Thea put her napkin down and held up one hand. “You don’t have to explain yourself—”

Mitch cut in. “I know I don’t. I
want
to.” When she merely regarded him politely, Mitch sighed. “You must have wondered what happened to us.”

“I figured I knew,” she said. There was no accusation in her voice. “Gina told me that you and she had not had any time alone. The children, though, were worried.”

“They were?”

“I suppose that’s why their account of last night was abbreviated. They got rather fractious as the evening wore on and you didn’t appear.” Thea could see he was genuinely surprised by this. “Didn’t you suspect they might get anxious about whether you were coming back?”

“Not coming back?” His brows lifted. “How could they think—” Mitch stopped himself.

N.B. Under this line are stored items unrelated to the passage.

Lemma relative_cone_preim {G H : Group} {f : G -> H} {M P : H -> Prop} :
  hom G H f -> relative_cone M P -> relative_cone (M \o f) (P \o f).
Proof.
move=> hf [PM NP PN Ptot]; split=> /=.
- by move=> a b Pa Pb; rewrite hf; apply: PM.
- by move=> n p Mn Pp; rewrite hf; apply: NP.
- by move=> g; apply: PN.
- by move=> g; rewrite (homV hf); apply: Ptot.
Qed.

Section Quotient.
Context {G : Group}.
Variable N : G -> Prop.
Hypothesis nN : normal_subgroup G N.
Local Notation "a ** b" := (gmul G a b) (at level 40, left associativity).
Local Notation one := (gone G).
Local Notation inv := (ginv G).
Let sN := nN.1.

Definition coset (g : G) : G -> Prop := fun h => N (h ** inv g).

Definition quot_elem : Type := {S : G -> Prop | exists g, S = coset g}.

Definition qproj (g : G) : quot_elem := exist _ (coset g) (ex_intro _ g erefl).

Definition qrep (q : quot_elem) : G := proj1_sig (cid (proj2_sig q)).

Lemma coset_eq a b : coset a = coset b <-> N (a ** inv b).
Proof.
split=> [Eab|Nab].
  have : coset a a by rewrite /coset gmulgV; exact: (subgroup1 sN).
  by rewrite Eab.
apply: funext => h; apply: propext; split.
  by move=> Nha; apply: (subgroup_div_trans sN Nha Nab).
by move=> Nhb; apply: (subgroup_div_trans sN Nhb (subgroup_divC sN Nab)).
Qed.

Lemma qproj_eq a b : qproj a = qproj b <-> N (a ** inv b).
Proof.
rewrite -coset_eq; split=> [/(congr1 (@proj1_sig _ _))//|Eab].
exact: eq_exist.
Qed.

Lemma qrepK q : qproj (qrep q) = q.
Proof.
case: q => S hS; rewrite /qrep /=; case: (cid hS) => g /= ESg.
exact: eq_exist.
Qed.

Lemma qproj_surj q : exists g, qproj g = q.
Proof. by exists (qrep q); exact: qrepK. Qed.

Lemma qrep_proj a : N (qrep (qproj a) ** inv a).
Proof. by apply/qproj_eq; rewrite qrepK. Qed.

Definition qmul (q r : quot_elem) : quot_elem := qproj (qrep q ** qrep r).
Definition qinv (q : quot_elem) : quot_elem := qproj (inv (qrep q)).

Lemma qmul_proj a b : qmul (qproj a) (qproj b) = qproj (a ** b).
Proof.
apply/qproj_eq; set a' := qrep (qproj a); set b' := qrep (qproj b).
have -> : a' ** b' ** inv (a ** b) = (a' ** (b' ** inv b) ** inv a') ** (a' ** inv a).
  by rewrite ginvM !gmulA gmulgKV.
apply: (subgroupM sN (normal_conj a' nN (qrep_proj b)) (qrep_proj a)).
Qed.

Lemma qinv_proj a : qinv (qproj a) = qproj (inv a).
Proof.
apply/qproj_eq; rewrite ginvK.
have := subgroupV sN (normal_conj (inv a) nN (qrep_proj a)).
by rewrite ginvK gmulA gmulgKV ginvM ginvK.
Qed.
Definition linear_functional (phi : B -> R) : Prop :=
  forall (s t : R) (x y : B), phi (s *: x + t *: y) = s * phi x + t * phi y.

(* SSDB space: B nonzero Banach space (given by B : completeNormedModType R),
   bf symmetric bilinear, and c |-> bf . c is a linear isometry of B ONTO B^*,
   where B^* carries the operator norm.  The isometry condition says that the
   operator norm sup_{||b||<=1} |bf b c| of the functional bf . c equals ||c||. *)
Definition SSDB (bf : B -> B -> R) : Prop :=
  [/\ exists b : B, b != 0,
      symmetric_bilinear bf,
      (forall c : B,
          (forall b : B, `|bf b c| <= `|b| * `|c|) /\
          (forall e : R, 0 < e -> exists b : B, `|b| <= 1 /\ `|c| - e < `|bf b c|))
    &
      (forall phi : B -> R, linear_functional phi -> continuous phi ->
          exists c : B, forall b : B, phi b = bf b c)].

Definition qf (bf : B -> B -> R) (b : B) : R := 2^-1 * bf b b.
Definition g0 (b : B) : R := 2^-1 * `|b| ^+ 2.

Definition proper_convex (f : B -> \bar R) : Prop :=
  [/\ forall b, f b != -oo%E,
      exists b, f b != +oo%E
    & forall (x y : B) (t : R), 0 < t < 1 ->
        (f (t *: x + (1 - t) *: y)%R <= t%:E * f x + (1 - t)%:E * f y)%E].

Definition fat (bf : B -> B -> R) (f : B -> \bar R) (c : B) : \bar R :=
  ereal_sup [set ((bf b c)%:E - f b)%E | b in [set: B]].

Definition BC_function (bf : B -> B -> R) (f : B -> \bar R) : Prop :=
  proper_convex f /\
  (forall b, (fat bf f b >= f b)%E /\ (f b >= (qf bf b)%:E)%E).

Definition Pq (bf : B -> B -> R) (h : B -> \bar R) : set B :=
  [set b | h b = (qf bf b)%:E].
Definition Nq (bf : B -> B -> R) (h : B -> R) : set B :=
  [set b | h b = - qf bf b].
(* Let $\mathcal{X}$ be a finite set, $\mathcal{Y}=\{-1,1\}$, and $P_{X,Y}$ the empirical distribution of $n$ samples $\{(x_i,y_i)\}_{i=1}^n$ with $P_Y(-1)=P_Y(1)=\frac12$. Let $f:\mathcal{X}\to\mathbb{R}^d$ and $\lambda>0$. Define $\tilde L_{\mathsf{SVM}}(f;\lambda) = 1-\frac{1}{2\lambda}\left\|\mathbb{E}[f(X)Y]\right\|^2$, $M = \max_{x\in\mathcal{X}}\|\tilde f(x)\|$ with $\tilde f(x)=f(x)-\mathbb{E}[f(X)]$, and $\lambda_{\mathrm T} = M\left\|\mathbb{E}[f(X)Y]\right\|$. Then $$\tilde L_{\mathsf{SVM}}(f;\lambda)\le L^*_{\mathsf{SVM}}(f;\lambda)\le \tilde L_{\mathsf{SVM}}(f;\lambda) + \left(\frac{\lambda_{\mathrm T}}{\lambda}-1\right)^+ .$$ Moreover, when $\lambda\ge\lambda_{\mathrm T}$, $L^*_{\mathsf{SVM}}(f;\lambda) = \tilde L_{\mathsf{SVM}}(f;\lambda)$, which is achieved by $w_{\mathsf{SVM}} = \frac1\lambda\mathbb{E}[f(X)Y]$, $b_{\mathsf{SVM}} = -\langle w_{\mathsf{SVM}},\mathbb{E}[f(X)]\rangle$, and the resulting SVM prediction is $$\hat y_{\mathsf{SVM}}(x;f,\lambda) = \mathrm{sign}\left(\left\langle\mathbb{E}[\tilde f(X)Y],\tilde f(x)\right\rangle\right) = \arg\min_{y\in\mathcal{Y}}\left\|f(x)-\mathbb{E}[f(X)\mid Y=y]\right\|.$$
   Context: Expectations are with respect to $P_{X,Y}$, where $P_{X,Y}(x,y)=\frac1n\sum_{i=1}^n\mathbb{1}\{x_i=x,y_i=y\}$. $x^+=\max\{0,x\}$. The hinge loss is $\ell_{\mathrm{hinge}}(y,z)=(1-yz)^+$. For $w\in\mathbb{R}^d$, $b\in\mathbb{R}$, the SVM loss is $L_{\mathsf{SVM}}(f,w,b;\lambda) = \mathbb{E}[\ell_{\mathrm{hinge}}(Y,\langle w,f(X)\rangle+b)] + \frac\lambda2\|w\|^2$; $(w_{\mathsf{SVM}},b_{\mathsf{SVM}})$ denotes a minimizer, $L^*_{\mathsf{SVM}}(f;\lambda)$ the minimum value, and the SVM prediction is $\hat y_{\mathsf{SVM}}(x;f,\lambda) = \mathrm{sign}(\langle w_{\mathsf{SVM}},f(x)\rangle + b_{\mathsf{SVM}})$. *)

From HB Require Import structures.
From mathcomp Require Import all_boot all_order all_algebra.
From mathcomp Require Import all_classical all_reals.
Set Implicit Arguments. Unset Strict Implicit. Unset Printing Implicit Defensive.
Import Order.TTheory GRing.Theory Num.Theory.
Local Open Scope ring_scope.
Local Open Scope classical_set_scope.

Section SVM.
Variable R : realType.
Variable X : finType.
Variables n d : nat.
Variable xs : 'I_n -> X.
Variable ys : 'I_n -> R.
Variable f : X -> 'rV[R]_d.

Definition dotv (u v : 'rV[R]_d) : R := \sum_(k < d) u 0 k * v 0 k.
Definition normv (u : 'rV[R]_d) : R := Num.sqrt (dotv u u).

Definition Exp (g : X -> R -> R) : R := n%:R^-1 * \sum_(i < n) g (xs i) (ys i).
Definition ExpV (g : X -> R -> 'rV[R]_d) : 'rV[R]_d :=
  n%:R^-1 *: \sum_(i < n) g (xs i) (ys i).

Definition PY (y : R) : R := n%:R^-1 * #|[set i : 'I_n | ys i == y]|%:R.

Definition condExpf (y : R) : 'rV[R]_d :=
  #|[set i : 'I_n | ys i == y]|%:R^-1 *: \sum_(i < n | ys i == y) f (xs i).

Definition Ef : 'rV[R]_d := ExpV (fun x _ => f x).
Definition ftilde (x : X) : 'rV[R]_d := f x - Ef.
Definition disjoint (c1 c2 : config) : Prop :=
  (forall C u, ~ (cC c1 C u /\ cC c2 C u)) /\
  (forall I t, ~ (cI c1 I t /\ cI c2 I t)).

Definition is_union (c c1 c2 : config) : Prop :=
  (forall C u, cC c C u <-> cC c1 C u \/ cC c2 C u) /\
  (forall I t, cI c I t <-> cI c1 I t \/ cI c2 I t) /\
  (forall q u, cM c q u <-> cM c1 q u \/ cM c2 q u).

Inductive sat (D : list rule) : forall (V : Type),
    (forall a b : V, {a = b} + {a <> b}) -> (V -> U) -> config -> form V -> Prop :=
| sat_emp V d s c : is_empty c -> @sat D V d s c Emp
| sat_comp V d s c C x :
    (forall C' u, cC c C' u <-> C' = C /\ u = s x) ->
    (forall I t, ~ cI c I t) -> (forall q u, ~ cM c q u) ->
    @sat D V d s c (Comp C x)
| sat_compq V d s c C q x :
    (forall C' u, cC c C' u <-> C' = C /\ u = s x) ->
    (forall I t, ~ cI c I t) ->
    (forall q' u, cM c q' u <-> q' = q /\ u = s x) ->
    @sat D V d s c (CompQ C q x)
| sat_int V d s c I xs :
    (forall C u, ~ cC c C u) ->
    (forall I' t, cI c I' t <-> I' = I /\ t = map s xs) ->
    (forall q u, ~ cM c q u) ->
    @sat D V d s c (Int I xs)
| sat_pred V d s c A xs r (s' : nat -> U) :
    In r D -> rhead r = A ->
    map s' (rparams r) = map s xs ->
    @sat D nat Nat.eq_dec s' c (rbody r) ->
    @sat D V d s c (PA A xs)
| sat_sep V d s c c1 c2 f g :
    disjoint c1 c2 -> is_union c c1 c2 ->
    @sat D V d s c1 f -> @sat D V d s c2 g ->
    @sat D V d s c (Sep f g)
| sat_ex V d s c x f (u : U) :
    @sat D V d (upd d s x u) c f -> @sat D V d s c (Ex x f).

Fixpoint preds (V : Type) (f : form V) : list (Pred Sg * list V) :=
  match f with
  | PA A xs => [(A, xs)]
  | Sep f g => preds f ++ preds g
  | Ex _ f => preds f
  | _ => []
  end.

Fixpoint compatoms (V : Type) (f : form V) : list (CT Sg * State Sg * V) :=
  match f with
  | CompQ C q x => [(C, q, x)]
  | Sep f g => compatoms f ++ compatoms g
  | Ex _ f => compatoms f
  | _ => []
  end.

Fixpoint compvars (V : Type) (f : form V) : list V :=
  match f with
  | Comp _ x => [x]
  | CompQ _ _ x => [x]
  | Sep f g => compvars f ++ compvars g
  | Ex _ f => compvars f
  | _ => []
  end.

Fixpoint intatoms (V : Type) (f : form V) : list (IT Sg * list V) :=
  match f with
  | Int i xs => [(i, xs)]
  | Sep f g => intatoms f ++ intatoms g
  | Ex _ f => intatoms f
  | _ => []
  end.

He removed his glasses and set them on the table, then rubbed the area at his left temple while he stared at his plate. “Jesus,” he said softly. “I never thought they wouldn’t know I was coming back.”

“When you consider it from their perspective ... their recent experience ...” Thea’s voice trailed off. She laid her hand over his forearm, mirroring the comforting gesture he had extended earlier to her.

“Jesus,” he said again.

Thea watched him slip his arm out from under her touch and stand. He was like a sleepwalker as he left the table and disappeared into his studio. When he reappeared he was holding the cussing jar. Still without expression, he placed it on the counter and dug in his pocket for some change. He came out with a couple of bills and stuffed them in the container, establishing credit for what was coming next.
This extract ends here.